Unannounced FDA Inspections: Why Surprise Visits Are Critical for Drug and Food Safety

On May 6, 2025, the FDA changed the game. For decades, if you ran a drug or food factory in the U.S., you knew an inspector could show up at any moment-no warning, no notice. But if your factory was in India, China, or anywhere else overseas, you usually got weeks to clean up, polish your records, and prep your staff. That double standard is gone. Now, unannounced FDA inspections apply everywhere. Whether you're making pills in Ohio or active ingredients in Bangalore, the FDA can walk in without knocking first.

Why Surprise Visits Exist

The FDA doesn’t do surprise inspections to catch people off guard. They do it because people try to hide things when they know they’re being watched. When factories got advance notice, inspectors found serious problems more than twice as often as they did during domestic inspections. That’s not because foreign facilities are worse-it’s because they had time to fake compliance. Unannounced visits cut through the show. They see what’s really happening on the floor, in the lab, in the records room-right now.

Think of it like a random breathalyzer test. If you knew police were coming every Thursday at 3 p.m., you’d avoid drinking before then. But if they could show up any day, any time? You’d think twice before drinking at all. That’s the point. The FDA wants to know: Are you following the rules every single day? Or only when you think someone’s watching?

How an Unannounced Inspection Actually Works

It doesn’t start with a phone call. It starts with a knock. FDA inspectors arrive, show their badge, and hand over Form FDA 482-the official Notice of Inspection. They don’t ask for permission. They don’t wait for the CEO to come down. They ask for the person in charge of quality or manufacturing, whoever’s available. Then they start asking questions, requesting documents, and walking through the facility.

They’ll check:

• Standard Operating Procedures (SOPs)-are they written, followed, and updated?
• Manufacturing records-do they match what actually happened?
• Equipment logs-was that sterilizer calibrated last week, or is it still sitting at 120°C because no one checked?
• Employee training files-did that new hire really get trained on contamination controls, or did they just watch a 5-minute video?
• Complaint files and recall procedures-do you know how to pull a batch if something goes wrong?

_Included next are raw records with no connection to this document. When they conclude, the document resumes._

Lemma corner_inverse_of_perturbation (a b c u X : R) :
  b = P * b * Q -> Q * a * P * b = Q -> b * Q * a * P = P ->
  s1 * a * r1 * c = s1 -> c * s1 * a * r1 = r1 ->
  X = s2 * a * r1 \/ X = s1 * a * r2 ->
  (1 - b * X) * u = 1 -> u * (1 - b * X) = 1 ->
  exists d, [/\ d = r2 * d * s2, s2 * a * r2 * d = s2 & d * s2 * a * r2 = r2].
Proof.
move=> hb QaPb bQaP c_rinv c_linv eX lu ru.
have Pb : P * b = b by rewrite hb !mulrA PP.
have [QX XP] : Q * X = X /\ X * P = X.
  by case: eX => ->; rewrite !mulrA (Qs1, Qs2) -!mulrA (r1P, r2P).
have QaPP : Q * a * P * P = Q * a * P by rewrite -mulrA PP.
have bQaP' : b * (Q * a * P) = P by rewrite !mulrA.
have [NM MN] := corner_inverse_perturb PP QaPP Pb QaPb bQaP' QX XP lu ru.
set N := P * u * b in NM MN; set M := Q * a * P - X in NM MN.
suff [lN rN] : s2 * a * r2 * (r2 * N * s2) = s2 /\ r2 * N * s2 * (s2 * a * r2) = r2.
  exists (r2 * N * s2); split => //; last by move: rN; rewrite !mulrA.
  by rewrite !mulrA r22 -(mulrA _ s2 s2) s22.
have QM : Q * M = M by rewrite /M mulrBr QX !mulrA QQ.
have MP : M * P = M by rewrite /M mulrBl XP -mulrA PP.
have corner x y : x * Q = x -> P * y = y -> x * M * y = x * a * y - x * X * y.
  by move=> xQ Py; rewrite /M mulrBr mulrBl !mulrA xQ -(mulrA _ P y) Py.
(* [M] is block triangular with respect to [Q = s1 + s2] and [P = r1 + r2]. *)
case: eX => eX.
  have s2Mr1 : s2 * M * r1 = 0.
    by rewrite corner // eX !mulrA s22 -(mulrA _ r1 r1) r11 subrr.
  have s1Mr1 : s1 * M * r1 = s1 * a * r1 by rewrite corner // eX !mulrA s12 !mul0r subr0.
  have s2Mr2 : s2 * M * r2 = s2 * a * r2.
    by rewrite corner // eX !mulrA s22 -(mulrA _ r1 r2) r12 mulr0 subr0.
  by rewrite -s2Mr2; apply: (@corner_inverse_lower _ r1 r2 s1 s2 M N c); rewrite ?s1Mr1.
have s1Mr2 : s1 * M * r2 = 0.
  by rewrite corner // eX !mulrA s11 -(mulrA _ r2 r2) r22 subrr.
have s1Mr1 : s1 * M * r1 = s1 * a * r1.
  by rewrite corner // eX !mulrA -(mulrA _ r2 r1) r21 mulr0 subr0.
have s2Mr2 : s2 * M * r2 = s2 * a * r2 by rewrite corner // eX !mulrA s21 !mul0r subr0.
rewrite -s2Mr2; apply: (@corner_inverse_upper _ r1 r2 s1 s2 M N c) => //.
by rewrite s1Mr1 !mulrA.
Qed.

End OrthogonalDecomposition.

(* Norms in [A] are real numbers embedded in [R[i]]. *)
Lemma complex_geometric_lt_near (R : realType) (k t e : R[i]) :
  0 <= k -> 0 <= t -> t < 1 -> 0 < e -> \forall n \near \oo, k * t ^+ n < e.
Proof.
move=> /ger0_real/complex_realP[k' ->] /[dup] /ger0_real/complex_realP[x ->] x0 x1.
move=> /[dup] /gtr0_real/complex_realP[y ->] y0.
move: x0 x1 y0; rewrite -[1]/(1%:C)%C -[0]/(0%:C)%C !ltcR ler0c => x0 x1 y0.
have /cvgr0_norm_lt/(_ y y0) : geometric k' x @ \oo --> 0.
  by apply: cvg_geometric; rewrite ger0_norm.
apply: filterS => n /= kxn.
by rewrite -rmorphXn -rmorphM ltcR (le_lt_trans (ler_norm _)).
Qed.

Lemma cvg0_norm_le_near {K : numFieldType} (V : normedModType K) {T} {F : set_system T}
  {FF : Filter F} (f : T -> V) (g : T -> K) :
  (forall t, `|f t| <= g t) -> (forall e, 0 < e -> \forall t \near F, g t < e) ->
  f @ F --> 0.
Proof.
move=> fg g0; apply/cvgr0Pnorm_lt => e /g0; apply: filterS => t.
exact: le_lt_trans.
Qed.

Lemma cvg_of_dist_le {K : numFieldType} (U V : normedModType K) {T} {F : set_system T}
  {FF : Filter F} (f : T -> U) (g : T -> V) (l : U) (m : V) (k : K) : 0 <= k ->
  (forall t, `|g t - m| <= k * `|f t - l|) -> f @ F --> l -> g @ F --> m.
Proof.
move=> k0 gf /subr_cvg0/cvgr0_norm_lt fl; apply/subr_cvg0.
have k1 : 0 < k + 1 by rewrite ltr_wpDl.
apply: (cvg0_norm_le_near (g := fun t => (k + 1) * `|f t - l|)).
  by move=> t; rewrite (le_trans (gf t)) // ler_wpM2r // lerDl.
move=> e e0; apply: filterS (fl _ (divr_gt0 e0 k1)) => t.
by rewrite ltr_pdivlMr // mulrC.
Qed.

Lemma geometric_tail_le (K : numFieldType) (t : K) m n : 0 <= t -> t < 1 ->
  \sum_(m <= k < n) t ^+ k <= t ^+ m / (1 - t).
Proof.
move=> t0 t1; have t1' : 0 < 1 - t by rewrite subr_gt0.
case: (leqP n m) => [nm|/ltnW mn].
  by rewrite big_geq // divr_ge0 ?exprn_ge0 // ltW.
rewrite -(subnKC mn) geometric_partial_tail geometric_seriesE ?lt_eqF //=.
by rewrite ler_wpM2r ?invr_ge0 ?(ltW t1') // ler_piMr ?exprn_ge0 // gerBl exprn_ge0.
Qed.
Lemma Xi_uvec_wvec i k (x := n i.-1 + k) : 2 <= i <= s -> k < n i.-2 - n i.-1 ->
  nseq i.-1 x ++ nseq (s - i + 1) 1 ++ [:: 0] = uvec x /\
  nseq i.-1 x ++ drop i.-1 ns ++ [:: 1] = wvec x.
Proof.
move=> /andP[i2 iS] hk.
have above j : j < i.-1 -> x < n j.
  by move=> ji; have := nth_ns_leq (i := j) (j := i.-2); lia.
have below j : i.-1 <= j < s -> n j <= x by move=> ij; have := nth_ns_leq ij; lia.
split; apply: eq_coords;
  rewrite ?size_uvec ?size_wvec ?size_cat ?size_nseq ?size_drop ?size_ns //=; try lia;
  try move=> j js.
- rewrite nth_uvec // nth_cat size_nseq nth_nseq.
  case: ltnP => ji; first by rewrite above.
  have := below j; rewrite nth_cat size_nseq nth_nseq.
  by repeat case: ifP; move=> *; lia.
- rewrite nth_uvec_last nth_cat size_nseq ifF; last by lia.
  have -> : s - i.-1 = s - i + 1 by lia.
  by rewrite nth_cat size_nseq ltnn subnn.
- rewrite nth_wvec // nth_cat size_nseq nth_nseq.
  case: ltnP => ji; first by have := above j ji; lia.
  rewrite nth_cat size_drop size_ns ifT; last by lia.
  by rewrite nth_drop subnKC //; have := below j; lia.
- rewrite nth_wvec_last nth_cat size_nseq ifF; last by lia.
  by rewrite nth_cat size_drop size_ns ltnn subnn.
Qed.

Lemma block_decomposition x : m <= x < N ->
  exists i k, [/\ 2 <= i <= s, k < n i.-2 - n i.-1 & x = n i.-1 + k].
Proof.
move=> /andP[mx xN]; set p := find (fun c => c <= x) ns.
have has_le : has (fun c => c <= x) ns by apply/hasP; exists m; rewrite ?nth_ns_mem //; lia.
have ps : p < s by rewrite -size_ns -has_find.
have np_le : n p <= x by have := nth_find 0 has_le.
have p_gt0 : 0 < p by case: (posnP p) np_le => // ->; lia.
have lt_prev : x < n p.-1 by rewrite ltnNge (before_find 0 (_ : p.-1 < p)) //; lia.
by exists p.+1, (x - n p); split; rewrite /=; lia.
Qed.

The inspection can last hours or days, depending on the size of the facility and what they find. If everything looks clean, they’ll mark it “No Action Indicated.” That’s not a pass-it’s data. The FDA uses every inspection, even the quiet ones, to build a risk profile. One clean visit doesn’t mean you’re safe forever. But one bad one? That can trigger a warning letter, a product hold, or even a ban.

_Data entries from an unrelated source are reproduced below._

(* Let $N$ be a weakly connected forward-backward conflict free Petri net without self-loops having at least one proper source place or at least one proper sink place. If the only-sink marking $M_d$ is reachable from the only-source marking $M_0$, then $N$ is acyclic.
   Context: A Petri net $N=(P,T,{}^\bullet(-),(-)^\bullet)$ consists of disjoint finite sets $P$ (places) and $T$ (transitions) and functions ${}^\bullet(-),(-)^\bullet\colon T\to\mathcal P(P)$ giving inputs and outputs of each transition; arcs $p\to t$ iff $p\in{}^\bullet t$, $t\to p$ iff $p\in t^\bullet$. For a place $p$, ${}^\bullet p=\{t:p\in t^\bullet\}$, $p^\bullet=\{t:p\in{}^\bullet t\}$. No self-loops: no place is both input and output of the same transition. FBCF: $|{}^\bullet p|\le1$ and $|p^\bullet|\le1$ for all places. A source is a place with ${}^\bullet p=\emptyset$, a sink one with $p^\bullet=\emptyset$; a proper source is a source with $p^\bullet\ne\emptyset$, a proper sink a sink with ${}^\bullet p\neq\emptyset$. $N$ is weakly connected if its underlying undirected graph is connected, and acyclic if it has no directed cycle. A marking is $M\colon P\to\mathbb N$; $t$ is enabled if $M(p)\ge1$ for all $p\in{}^\bullet t$, and firing it subtracts one token from each $p\in{}^\bullet t$ and adds one to each $p\in t^\bullet$. $M$ is reachable from $M_0$ if obtained by a finite sequence of firings of enabled transitions. $M_0(p)=1$ if $p$ is a source, $0$ otherwise; $M_d(p)=1$ if $p$ is a sink, $0$ otherwise. *)

From mathcomp Require Import all_boot.
Set Implicit Arguments. Unset Strict Implicit. Unset Printing Implicit Defensive.

(* A Petri net: places are a finType P, transitions a finType T (disjoint
   since they are different types), with input sets pre t = •t and output
   sets post t = t•. *)
Record petri_net (P T : finType) := PetriNet {
  pre  : T -> {set P};
  post : T -> {set P} }.

Section PN.
Variables (P T : finType) (N : petri_net P T).

Definition pre_place (p : P) : {set T} := [set t | p \in post N t].
Definition post_place (p : P) : {set T} := [set t | p \in pre N t].

Definition no_self_loops : Prop :=
  forall t : T, [disjoint pre N t & post N t].

Definition FBCF : Prop :=
  forall p : P, #|pre_place p| <= 1 /\ #|post_place p| <= 1.

Definition is_source (p : P) : bool := pre_place p == set0.
Definition is_sink (p : P) : bool := post_place p == set0.
Definition proper_source (p : P) : bool := is_source p && (post_place p != set0).
Definition proper_sink (p : P) : bool := is_sink p && (pre_place p != set0).

Definition arc (x y : P + T) : bool :=
  match x, y with
  | inl p, inr t => p \in pre N t
  | inr t, inl p => p \in post N t
  | _, _ => false
  end.

Definition weakly_connected : Prop :=
  forall x y : P + T, connect (fun a b => arc a b || arc b a) x y.

Definition acyclic : Prop :=
  forall x y : P + T, arc x y -> ~~ connect arc y x.

Definition marking := {ffun P -> nat}.

Definition enabled (M : marking) (t : T) : bool :=
  [forall p in pre N t, 0 < M p].

Definition fire (M : marking) (t : T) : marking :=
  [ffun p => M p - (p \in pre N t) + (p \in post N t)].

Inductive reachable (M0 : marking) : marking -> Prop :=
  | reach_refl : reachable M0 M0
  | reach_step M t : reachable M0 M -> enabled M t -> reachable M0 (fire M t).

Definition M_0 : marking := [ffun p => nat_of_bool (is_source p)].
Definition M_d : marking := [ffun p => nat_of_bool (is_sink p)].

End PN.

From Pilot Require Import Defs.
From mathcomp Require Import all_boot.
From mathcomp Require Import zify.

Set Implicit Arguments. Unset Strict Implicit. Unset Printing Implicit Defensive.

(* Track, along a firing sequence from M_0, the number of times
   c t each transition t has fired; the reached marking M then satisfies the
   state equation  M p + (firings of consumers of p)
                     = M_0 p + (firings of producers of p).
   1. Transitions on a directed cycle never fire from M_0: by FBCF a place
      on a cycle has a unique producer, which lies on the same cycle, and it
      is not a source, so as long as no cycle transition has fired, all
      cycle places are empty and no cycle transition is enabled.
   2. If M_d is reached, the state equation at an inner place equates the
      counts of its producer and consumer, and at a proper source (sink) it
      forces the adjacent transition to fire.  By weak connectivity every
      transition then fires at least once.
   A directed cycle contains a transition, which contradicts 1 and 2.
   The file develops the state equation, cycles, the FBCF consequences and
   the analysis of the final marking, and ends with the theorem. *)

Lemma connect_last (X : finType) (e : rel X) x y :
  connect e x y -> x != y -> exists2 z, connect e x z & e z y.
Proof.
move=> /connectP[p]; elim/last_ind: p => [|p z _] /=; first by move=> _ ->; rewrite eqxx.
rewrite rcons_path last_rcons => /andP[x_p ez] -> _.
by exists (last x p) => //; apply/connectP; exists p.
Qed.

Section StateEquation.
Variables (P T : finType) (N : petri_net P T).

Lemma producer_not_source p t : p \in post N t -> is_source N p = false.
Proof. by move=> pt; apply/negbTE/set0Pn; exists t; rewrite inE. Qed.

Lemma consumer_not_sink p t : p \in pre N t -> is_sink N p = false.
Proof. by move=> pt; apply/negbTE/set0Pn; exists t; rewrite inE. Qed.

Definition consumed (c : T -> nat) (p : P) : nat := \sum_(u in post_place N p) c u.
Definition produced (c : T -> nat) (p : P) : nat := \sum_(u in pre_place N p) c u.

Definition state_equation (M0 M : marking P) (c : T -> nat) : Prop :=
  forall p, M p + consumed c p = M0 p + produced c p.

Definition count_one_more (c : T -> nat) (t : T) : T -> nat := fun u => c u + (u == t).

Lemma sum_count_one_more (A : {set T}) c t :
  \sum_(u in A) count_one_more c t u = \sum_(u in A) c u + (t \in A).
Proof.
rewrite big_split /=; congr (_ + _); have [tA|tNA] := boolP (t \in A).
  by rewrite (bigD1 t) //= eqxx big1 // => u /andP[_ /negPf->].
by rewrite big1 // => u uA; case: eqP uA tNA => // ->->.
Qed.

(* Firing an enabled transition preserves the state equation; enabledness
   guarantees that the truncated subtraction in fire is exact. *)
Lemma state_equation_fire M0 M c t :
  state_equation M0 M c -> enabled N M t ->
  state_equation M0 (fire N M t) (count_one_more c t).
Proof.
move=> eqM /forall_inP en p; have := eqM p.
rewrite /consumed /produced !sum_count_one_more /fire ffunE !inE.
have [p_in|_] := boolP (p \in pre N t); last lia.
by have := en p p_in; lia.
Qed.
End StateEquation.

Section Cycles.
Variables (P T : finType) (N : petri_net P T).

Definition on_cycle (x : P + T) : Prop :=
  exists2 y, Defs.arc N x y & connect (Defs.arc N) y x.

Lemma on_cycle_predecessor x : on_cycle x -> exists2 z, Defs.arc N z x & on_cycle z.
Proof.
move=> [y xy yx]; have y_neq_x : y != x by case: x y xy {yx} => [?|?] [?|?].
have [z yz zx] := connect_last yx y_neq_x.
by exists z => //; exists x => //; apply: connect_trans (connect1 xy) yz.
Qed.

Lemma cycle_transition x : on_cycle x -> exists t, on_cycle (inr t).
Proof.
case: x => [q|t] cyc; last by exists t.
by have [[//|u] _ cyc_u] := on_cycle_predecessor cyc; exists u.
Qed.
End Cycles.

Section ForwardBackwardConflictFree.
Variables (P T : finType) (N : petri_net P T).
Hypothesis fbcf : FBCF N.

Lemma unique_consumer p u u' : p \in pre N u -> p \in pre N u' -> u = u'.
Proof.
have [_ /card_le1_eqP le1] := fbcf p.
by move=> pu pu'; apply: le1; rewrite inE.
Qed.

Lemma unique_producer p u u' : p \in post N u -> p \in post N u' -> u = u'.
Proof.
have [/card_le1_eqP le1 _] := fbcf p.
by move=> pu pu'; apply: le1; rewrite inE.
Qed.

Lemma consumed_single c p u : p \in pre N u -> consumed N c p = c u.
Proof.
move=> pu; rewrite /consumed (big_pred1 u) // => u'.
by rewrite inE; apply/idP/eqP => [/(unique_consumer pu) ->|->].
Qed.

Lemma produced_single c p u : p \in post N u -> produced N c p = c u.
Proof.
move=> pu; rewrite /produced (big_pred1 u) // => u'.
by rewrite inE; apply/idP/eqP => [/(unique_producer pu) ->|->].
Qed.

(* On a cycle, the predecessor of a place is its unique producer. *)
Lemma producer_on_cycle q u :
  on_cycle N (inl q) -> q \in post N u -> on_cycle N (inr u).
Proof.
move=> /on_cycle_predecessor[[//|u'] /= qu' cyc_u'] qu.
by rewrite (unique_producer qu qu').
Qed.

Definition cycle_silent (c : T -> nat) : Prop :=
  forall t, on_cycle N (inr t) -> c t = 0.

(* If no cycle transition has fired, every place on a cycle is still empty:
   it was not a source and its only producer lies on the cycle. *)
Lemma cycle_place_empty M c q :
  state_equation N (M_0 N) M c -> cycle_silent c -> on_cycle N (inl q) -> M q = 0.
Proof.
move=> eqM silent cyc_q; have := eqM q.
have [[//|u] /= qu _] := on_cycle_predecessor cyc_q.
rewrite /M_0 ffunE (producer_not_source qu) /produced big1.
  by rewrite addn0 => /eqP; rewrite addn_eq0 => /andP[/eqP].
by move=> u'; rewrite inE => qu'; apply/silent/(producer_on_cycle cyc_q).
Qed.

(* Hence, starting from M_0, no transition on a cycle can ever fire: each
   one needs a token from an (empty) place of its cycle. *)
Lemma reachable_cycle_silent M : reachable N (M_0 N) M ->
  exists2 c, state_equation N (M_0 N) M c & cycle_silent c.
Proof.
elim=> [|{}M t _ [c eqM silent] en].
  by exists (fun=> 0) => // p; rewrite /consumed /produced !big1.
exists (count_one_more c t); first exact: state_equation_fire.
move=> u cyc_u; rewrite /count_one_more silent //.
case: eqP => [eq_ut|//]; rewrite eq_ut in cyc_u.
have [[q|//] /= qt cyc_q] := on_cycle_predecessor cyc_u.
by move/forall_inP: en => /(_ q qt); rewrite (cycle_place_empty eqM silent cyc_q).
Qed.

Section FinalMarking.
Variable c : T -> nat.
Hypothesis final : state_equation N (M_0 N) (M_d N) c.

Lemma final_balance p :
  is_sink N p + consumed N c p = is_source N p + produced N c p.
Proof. by have := final p; rewrite !ffunE. Qed.

(* An inner place passes on exactly the tokens it receives, so its producer
   and its consumer fire equally often. *)
Lemma inner_place_balanced p t t' : p \in post N t -> p \in pre N t' -> c t = c t'.
Proof.
move=> pt pt'; have := final_balance p.
rewrite (consumer_not_sink pt') (producer_not_source pt).
by rewrite (consumed_single _ pt') (produced_single _ pt).
Qed.

(* The token of a proper source must be consumed, and a proper sink must
   receive its token: either way some transition fires. *)
Lemma some_transition_fires :
  (exists p, proper_source N p) \/ (exists p, proper_sink N p) -> exists t, 0 < c t.
Proof.
case=> [[p /andP[src /set0Pn[t]]]|[p /andP[snk /set0Pn[t]]]];
  rewrite inE => pt; exists t; have := final_balance p.
- rewrite src (consumer_not_sink pt) (consumed_single _ pt).
  by rewrite /produced (eqP src) big_set0 add0n => ->.
- rewrite snk (producer_not_source pt) (produced_single _ pt).
  by rewrite /consumed (eqP snk) big_set0 add0n => <-.
Qed.

Definition fired_around (x : P + T) : bool :=
  match x with
  | inr t => 0 < c t
  | inl p => [forall t, (p \in pre N t) || (p \in post N t) ==> (0 < c t)]
  end.

(* Firing spreads along arcs in both directions: through a place it passes
   between its producer and consumer by inner_place_balanced. *)
Lemma fired_around_step x y :
  Defs.arc N x y || Defs.arc N y x -> fired_around x -> fired_around y.
Proof.
case: x y => [p|t] [q|t'] //= adj; first by move=> /forallP/(_ t')/implyP; apply.
move=> fired_t; apply/forall_inP => t'' adj'; have [->//|ne] := eqVneq t'' t.
case/orP: adj => [pt|pt]; case/orP: adj' => [pt''|pt''].
- by rewrite -(inner_place_balanced pt pt'').
- by rewrite (unique_producer pt'' pt) eqxx in ne.
- by rewrite (unique_consumer pt'' pt) eqxx in ne.
- by rewrite (inner_place_balanced pt'' pt).
Qed.

Lemma all_transitions_fire t0 t :
  weakly_connected N -> 0 < c t0 -> 0 < c t.
Proof.
move=> connected fired_t0.
pose adjacent : rel (P + T) := fun x y => Defs.arc N x y || Defs.arc N y x.
have adjacent_sym : connect_sym adjacent.
  by apply: sym_connect_sym => x y; exact: orbC.
have closed_fired : closed adjacent fired_around.
  by apply: intro_closed => // x y; exact: fired_around_step.
have := closed_connect closed_fired (connected (inr t0) (inr t)).
by rewrite -!topredE /= fired_t0 => <-.
Qed.
End FinalMarking.
End ForwardBackwardConflictFree.

Theorem mainTheorem6 (P T : finType) (N : petri_net P T) :
  weakly_connected N -> FBCF N -> no_self_loops N ->
  ((exists p : P, proper_source N p) \/ (exists p : P, proper_sink N p)) ->
  reachable N (M_0 N) (M_d N) ->
  acyclic N.
Proof.
move=> connected fbcf _ boundary reach x y xy; apply/negP => yx.
have [c final silent] := reachable_cycle_silent fbcf reach.
have [t0 fired_t0] := some_transition_fires fbcf final boundary.
have [t cyc_t] := cycle_transition (ex_intro2 _ _ y xy yx).
by have := all_transitions_fire fbcf final t connected fired_t0; rewrite silent.
Qed.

The Big Shift: Foreign Facilities Are Now Equal

Before May 2025, the FDA inspected about 3,000 foreign facilities each year. Most got advance notice. Why? Because logistics were messy. Inspectors needed visas, translators, local contacts. It made sense-at the time. But it created a loophole. Companies overseas could delay, prepare, and hide. Domestic plants? No such luxury.

The new policy closes that gap. Now, a factory in Mexico has the same inspection rules as one in Pennsylvania. The FDA says this isn’t just fair-it’s necessary. Over 80% of the active ingredients in U.S. medicines come from abroad. Nearly 40% of finished drugs are made overseas. If you’re not inspecting those places the same way, you’re not protecting American patients.

This shift didn’t come out of nowhere. It followed a pilot program in India and China that proved unannounced visits found more violations. It was backed by a presidential executive order signed just one day before the announcement. And it’s being enforced now. The first wave of unannounced inspections in Europe and Southeast Asia already happened in late 2025. Companies are feeling it.

What Happens When You’re Not Ready

You don’t need to be perfect. But you do need to be honest and consistent.

If an inspector finds a minor issue-a missing signature on a batch record, a dusty sensor-they’ll note it on a Form 483. That’s not a crisis. It’s a warning. Fix it. Show them you’re improving.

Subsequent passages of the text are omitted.